━━━━━ DATA FOR ANALYSIS ━━━━━

(** * Dirichlet's approximation theorem *)

Lemma pigeonhole n (f : nat -> nat) : (forall i, (i <= n)%nat -> (f i < n)%nat) ->
  exists i j, (i < j <= n)%nat /\ f i = f j.
Proof.
  intros Hf.
  assert (Hninj : ~ bInjective (S n) f).
  { intros Hinj.
    apply bInjective_bSurjective in Hinj; [|intros i Hi; specialize (Hf i ltac:(lia)); lia].
    destruct (Hinj n ltac:(lia)) as [i [Hi Hfi]].
    specialize (Hf i ltac:(lia)); lia. }
  apply NNPP; intros Hno; apply Hninj; intros i j Hi Hj Hij.
  destruct (lt_eq_lt_dec i j) as [[Hlt|Heq]|Hgt]; [|exact Heq|]; exfalso; apply Hno.
  - exists i, j; split; [lia|exact Hij].
  - exists j, i; split; [lia|auto].
Qed.

Lemma dirichlet_approx theta M : (1 <= M)%nat ->
  exists m J, (1 <= m <= M)%nat /\ Rabs (INR m * theta - 2 * PI * IZR J) < 2 * PI / INR M.
Proof.
  intros HM.
  pose proof PI_RGT_0.
  assert (HMr : 1 <= INR M) by (apply (le_INR 1); exact HM).
  set (t := fun i => INR i * theta / (2 * PI)).
  set (frac := fun i => t i - IZR (Zfloor (t i))).
  assert (Hfrac : forall i, 0 <= frac i < 1).
  { intros i; unfold frac; pose proof (Zfloor_bound (t i)); lra. }
  assert (Hbox : forall i, (0 <= Zfloor (INR M * frac i) < Z.of_nat M)%Z).
  { intros i; specialize (Hfrac i); pose proof (Zfloor_bound (INR M * frac i)); split.
    - apply Zfloor_lub; nra.
    - apply lt_IZR; rewrite <- INR_IZR_INZ; nra. }
  destruct (pigeonhole M (fun i => Z.to_nat (Zfloor (INR M * frac i)))) as [i [j [Hij Hbij]]].
  { intros i _; specialize (Hbox i); lia. }
  apply Z2Nat.inj in Hbij; [|apply Hbox|apply Hbox].
  assert (Hclose : Rabs (frac j - frac i) < 1 / INR M).
  { pose proof (Zfloor_bound (INR M * frac i)); pose proof (Zfloor_bound (INR M * frac j)).
    rewrite Hbij in *.
    apply Rabs_def1; apply (Rmult_lt_reg_l (INR M)); try lra;
      field_simplify; lra. }
  exists (j - i)%nat, (Zfloor (t j) - Zfloor (t i))%Z; split; [lia|].
  replace (INR (j - i) * theta - 2 * PI * IZR (Zfloor (t j) - Zfloor (t i)))
    with (2 * PI * (frac j - frac i))
    by (unfold frac, t; rewrite minus_INR, minus_IZR by lia; field; lra).
  rewrite Rabs_mult, (Rabs_pos_eq (2 * PI)) by lra.
  replace (2 * PI / INR M) with (2 * PI * (1 / INR M)) by (field; lra).
  apply Rmult_lt_compat_l; lra.
Qed.
(* If the index order has a countable cofinal subset, X is a countable union of Lindelof
   sets, hence Lindelof, and there is nothing to prove.  Otherwise every countable set of
   indices has an upper bound.  For countably compact X and metrizable Y, the image f(X)
   is totally bounded, hence separable, and f maps closed sets of X onto closed subsets
   of f(X).  For each of the countably many balls B of a countable base of f(X) pick an
   index a_B such that f(C_(a_B)) meets B (resp. f(X \ H_(a_B)) misses B), whenever some
   index does, and let b bound all a_B: then f(C_b) is dense, hence equal to f(X), and
   f(X \ H_b) is contained in the closure of every f(X \ H_c).  Since a Lindelof W lies in
   some H_c, the latter gives BR.  In case (a), a compact chain with no countable cofinal
   subset makes X countably compact. *)

Lemma compact_cover_compact {X : topologicalType} {A : set X} :
  compact A -> cover_compact A.
Proof.
have [[a _]|A0] := pselect (exists a, A a); last first.
  by move=> _ I D F _ _; exists fset0 => // x Ax; case: A0; exists x.
pose Xa : ptopologicalType := HB.pack_for ptopologicalType X (isPointed.Build X a).
by move=> cA; have : @compact Xa A := cA; rewrite compact_cover.
Qed.

Lemma compact_Lindelof {X : topologicalType} {A : set X} : compact A -> Lindelof A.
Proof.
move=> /compact_cover_compact cA I U oU AU.
have [D _ AD] := cA {classic I} [set: I] U (fun i _ => oU i) AU.
by exists [set` D]; split; [exact: (countable_fset D) | move=> x /AD [i Di Uix]; exists i].
Qed.

Lemma Lindelof_bigcup (X : topologicalType) (I : Type) (J : set I) (L : I -> set X) :
  countable J -> (forall j, J j -> Lindelof (L j)) -> Lindelof (\bigcup_(j in J) L j).
Proof.
move=> cJ LL K U oU LU.
have /choice [S hS] : forall j, exists S : set K, J j -> countable S /\ L j `<=` \bigcup_(i in S) U i.
  move=> j; have [Jj|] := pselect (J j); last by exists set0.
  have [S hS] := LL j Jj K U oU (fun x Ljx => LU x (ex_intro2 _ _ j Jj Ljx)).
  by exists S.
exists (\bigcup_(j in J) S j); split.
  by apply: bigcup_countable => // j /hS [].
move=> x [j Jj /(proj2 (hS j Jj)) [i Sji Uix]].
by exists i => //; exists j.
Qed.

Definition countably_directed {K : Type} (lt : K -> K -> Prop) : Prop :=
  forall J : set K, countable J -> exists b, forall j, J j -> lt j b.

Lemma countably_directed_image {K T : Type} {lt : K -> K -> Prop} {J : set T} (a : T -> K) :
  countably_directed lt -> countable J -> exists b, forall t, J t -> lt (a t) b.
Proof.
move=> dir cJ; have [b hb] := dir (a @` J) (sub_countable (card_image_le a J) cJ).
by exists b => t Jt; apply: hb; exists t.
Qed.

Section IncreasingChain.
Context {X : topologicalType} {K : Type} {lt : K -> K -> Prop} {H : K -> set X}.
Hypotheses (incH : forall a b, lt a b -> H a `<=` H b) (covH : [set: X] `<=` \bigcup_i H i).

Lemma Lindelof_or_countably_directed {L : K -> set X} :
  (forall a b, lt a b \/ a = b \/ lt b a) ->
  (forall a, H a `<=` L a) -> (forall a, Lindelof (L a)) ->
  Lindelof [set: X] \/ countably_directed lt.
Proof.
move=> total HL LL.
have [dir|/existsNP [J /not_implyP [cJ /forallNP unbJ]]] := pselect (countably_directed lt).
  by right.
left.
suff -> : [set: X] = \bigcup_(j in J) L j by exact: Lindelof_bigcup.
apply/seteqP; split=> x // _; have [a _ Hax] := covH x I.
have /existsNP [j /not_implyP [Jj ja]] := unbJ a.
exists j => //; apply: HL.
by case: (total j a) => [/ja [] | [-> // | /incH/(_ x Hax)]].
Qed.

Hypothesis dir : countably_directed lt.

Lemma Lindelof_sub_chain {W : set X} :
  (forall a, open (H a)) -> Lindelof W -> exists b, W `<=` H b.
Proof.
move=> oH LW; have [J [cJ WJ]] := LW K H oH (fun x _ => covH x I).
have [b Jb] := dir J cJ.
by exists b => x /WJ [j Jj]; exact: incH _ _ (Jb j Jj) x.
Qed.

Lemma countably_compact_compact_chain :
  (forall a, compact (H a)) -> countably_compact X.
Proof.
move=> cH U oU XU; apply: contrapT => noN.
have /choice [x xN] : forall N, exists x, ~ (\bigcup_(n in [set m | (m < N)%N]) U n) x.
  move=> N; apply: contrapT => /forallNP xN; apply: noN; exists N => x _.
  exact: contrapT (xN x).
have /choice [a Hax] : forall N, exists a, H a (x N).
  by move=> N; have [a _ ?] := covH (x N) I; exists a.
have [b ab] := countably_directed_image a dir (countableP [set: nat]).
have [D _ HbD] := compact_cover_compact (cH b) _ [set: nat] U (fun n _ => oU n) (fun x _ => XU x I).
pose M := (\max_(n <- D) n).+1.
have [n /= Dn Unx] := HbD (x M) (incH _ _ (ab M I) _ (Hax M)).
by apply: (xN M); exists n => //=; rewrite ltnS; exact: leq_bigmax_seq.
Qed.

End IncreasingChain.

Lemma countably_directed_witness {K T : Type} {lt : K -> K -> Prop} {J : set T}
    (P : T -> K -> Prop) :
  countably_directed lt -> countable J ->
  exists b, forall t, J t -> (exists a, P t a) -> exists2 a, lt a b & P t a.
Proof.
move=> dir cJ; have [a0 _] := dir set0 (countable0 K).
have /choice [a ha] : forall t, exists a, (exists a', P t a') -> P t a.
  move=> t; have [[a' Pa']|nP] := pselect (exists a', P t a'); first by exists a'.
  by exists a0 => /nP.
have [b ab] := countably_directed_image a dir cJ.
by exists b => t Jt /ha Pta; exists (a t) => //; exact: ab.
Qed.

Local Open Scope R_scope.

Definition metrizes {Y : topologicalType} (d : Y -> Y -> R) : Prop :=
  (forall x y, 0 <= d x y) /\
  (forall x y, d x y = 0 <-> x = y) /\
  (forall x y, d x y = d y x) /\
  (forall x y z, d x z <= d x y + d y z) /\
  (forall A : set Y, open A <->
     forall x, A x -> exists e : R, 0 < e /\ [set y | d x y < e] `<=` A).

Lemma inv_succ_gt0 (n : nat) : 0 < / INR n.+1.
Proof. exact/Rinv_0_lt_compat/lt_0_INR/Nat.lt_0_succ. Qed.

Lemma inv_succ_le {k n : nat} : (k <= n)%nat -> / INR n.+1 <= / INR k.+1.
Proof.
move=> /leP kn; apply: Rinv_le_contravar; first exact/lt_0_INR/Nat.lt_0_succ.
exact/le_INR/le_n_S.
Qed.

Lemma exists_inv_succ_lt (e : R) : 0 < e -> exists n : nat, / INR n.+1 < e.
Proof.
move=> e0; have [n ne] := INR_unbounded (/ e); exists n.
have ie0 : 0 < / e by apply: Rinv_0_lt_compat.
rewrite -[X in _ < X]Rinv_inv; apply: Rinv_lt_contravar; rewrite S_INR; nra.
Qed.

Section MetrizableImage.
Context {X Y : topologicalType} {d : Y -> Y -> R} {f : X -> Y}.
Hypotheses (metric_d : metrizes d) (ccX : countably_compact X) (cont_f : continuous f).

Let d_ge0 x y : 0 <= d x y. Proof. by case: metric_d. Qed.
Let d_eq0 x y : d x y = 0 <-> x = y. Proof. by case: metric_d => _ []. Qed.
Let d_sym x y : d x y = d y x. Proof. by case: metric_d => _ [_ []]. Qed.
Let d_triangle x y z : d x z <= d x y + d y z.
Proof. by case: metric_d => _ [_ [_ []]]. Qed.
Let d_open (A : set Y) :
  open A <-> forall x, A x -> exists e : R, 0 < e /\ [set y | d x y < e] `<=` A.
Proof. by case: metric_d => _ [_ [_ [_]]]. Qed.

Lemma open_dist_gt (y : Y) (r : R) : open [set z | r < d y z].
Proof.
apply/d_open => z /= rz; exists (d y z - r); split; first lra.
by move=> w /= zw; have := d_triangle y w z; rewrite (d_sym w z); lra.
Qed.

Lemma image_closed (C : set X) (y : Y) : closed C ->
  (forall e, 0 < e -> exists2 x, C x & d y (f x) < e) -> (f @` C) y.
Proof.
move=> clC adh; apply: contrapT => notCy.
pose U n := if n is k.+1 then f @^-1` [set z | / INR k.+1 < d y z] else ~` C.
have oU n : open (U n).
  case: n => [|k]; first exact: closed_openC.
  by move/continuousP: cont_f; apply; exact: open_dist_gt.
have [x _|N UN] := ccX U oU.
  have [Cx|] := pselect (C x); last by exists 0%nat.
  have [k kx] : exists k : nat, / INR k.+1 < d y (f x).
    apply: exists_inv_succ_lt; have := d_ge0 y (f x).
    have : d y (f x) <> 0 by move/d_eq0 => yfx; apply: notCy; exists x.
    lra.
  by exists k.+1.
have [x Cx xy] := adh _ (inv_succ_gt0 N).
have [[|k] kN Ukx] := UN x I; first exact: Ukx Cx.
have kx : / INR k.+1 < d y (f x) := Ukx.
by have := inv_succ_le (ltnW (ltnW kN)); lra.
Qed.

Lemma image_totally_bounded (r : R) : 0 < r ->
  exists s : seq X, forall x, exists2 z, z \in s & d (f z) (f x) < r.
Proof.
move=> r0; apply: contrapT => /forallNP nonet.
(* Otherwise g builds a sequence q with r-separated images.  The open sets O m of points
   staying more than r/4 away from f (q k) for all k >= m cover f(X), yet f (q N) lies
   in none of O 0, ..., O N. *)
have /choice [g gfar] : forall s : seq X, exists x, forall z, z \in s -> r <= d (f z) (f x).
  move=> s; have /existsNP [x xfar] := nonet s.
  by exists x => z zs; apply: Rnot_lt_le => zx; apply: xfar; exists z.
pose P n := iter n (fun s => g s :: s) [::].
pose q n := g (P n).
have qP m n : (m < n)%nat -> q m \in P n.
  elim: n => // n IH; rewrite ltnS leq_eqVlt => /orP [/eqP -> | /IH qm].
    by rewrite /= in_cons eqxx.
  by rewrite /= in_cons qm orbT.
have q_sep m n : (m < n)%nat -> r <= d (f (q m)) (f (q n)).
  by move=> mn; exact: gfar (qP m n mn).
pose O m := [set y | exists2 e, 0 < e & forall k, (m <= k)%nat -> r / 4 + e <= d y (f (q k))].
have oO m : open (O m).
  apply/d_open => y [e e0 ye]; exists (e / 2); split; first lra.
  move=> z /= yz; exists (e / 2); first lra.
  by move=> k mk; have := ye k mk; have := d_triangle y z (f (q k)); lra.
have [x _|N ON] := ccX (fun m => f @^-1` O m) (fun m => proj1 (continuousP _) cont_f _ (oO m)).
  have [[k xk]|xfar] := pselect (exists k, d (f x) (f (q k)) < r / 2).
    exists k.+1 => //; exists (r / 4); first lra.
    move=> k' kk'; have := q_sep k k' kk'; have := d_triangle (f (q k)) (f x) (f (q k')).
    by rewrite (d_sym (f (q k)) (f x)); lra.
  exists 0%nat => //; exists (r / 4); first lra.
  by move=> k _; apply: Rnot_lt_le => xk; apply: xfar; exists k; lra.
have [m mN [e e0 qNe]] := ON (q N) I.
by have := qNe N (ltnW mN); rewrite (proj2 (d_eq0 _ _) erefl); lra.
Qed.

━━━━━

*TASK DIRECTIONS*:
Could you repeat exactly the lines above from the line with "index a_B such" up to and including the line with "move=> /compact_cover_compact cA I U oU AU.", and only those?

*WRITTEN REPLY*:
   index a_B such that f(C_(a_B)) meets B (resp. f(X \ H_(a_B)) misses B), whenever some
   index does, and let b bound all a_B: then f(C_b) is dense, hence equal to f(X), and
   f(X \ H_b) is contained in the closure of every f(X \ H_c).  Since a Lindelof W lies in
   some H_c, the latter gives BR.  In case (a), a compact chain with no countable cofinal
   subset makes X countably compact. *)

Lemma compact_cover_compact {X : topologicalType} {A : set X} :
  compact A -> cover_compact A.
Proof.
have [[a _]|A0] := pselect (exists a, A a); last first.
  by move=> _ I D F _ _; exists fset0 => // x Ax; case: A0; exists x.
pose Xa : ptopologicalType := HB.pack_for ptopologicalType X (isPointed.Build X a).
by move=> cA; have : @compact Xa A := cA; rewrite compact_cover.
Qed.

Lemma compact_Lindelof {X : topologicalType} {A : set X} : compact A -> Lindelof A.
Proof.
move=> /compact_cover_compact cA I U oU AU.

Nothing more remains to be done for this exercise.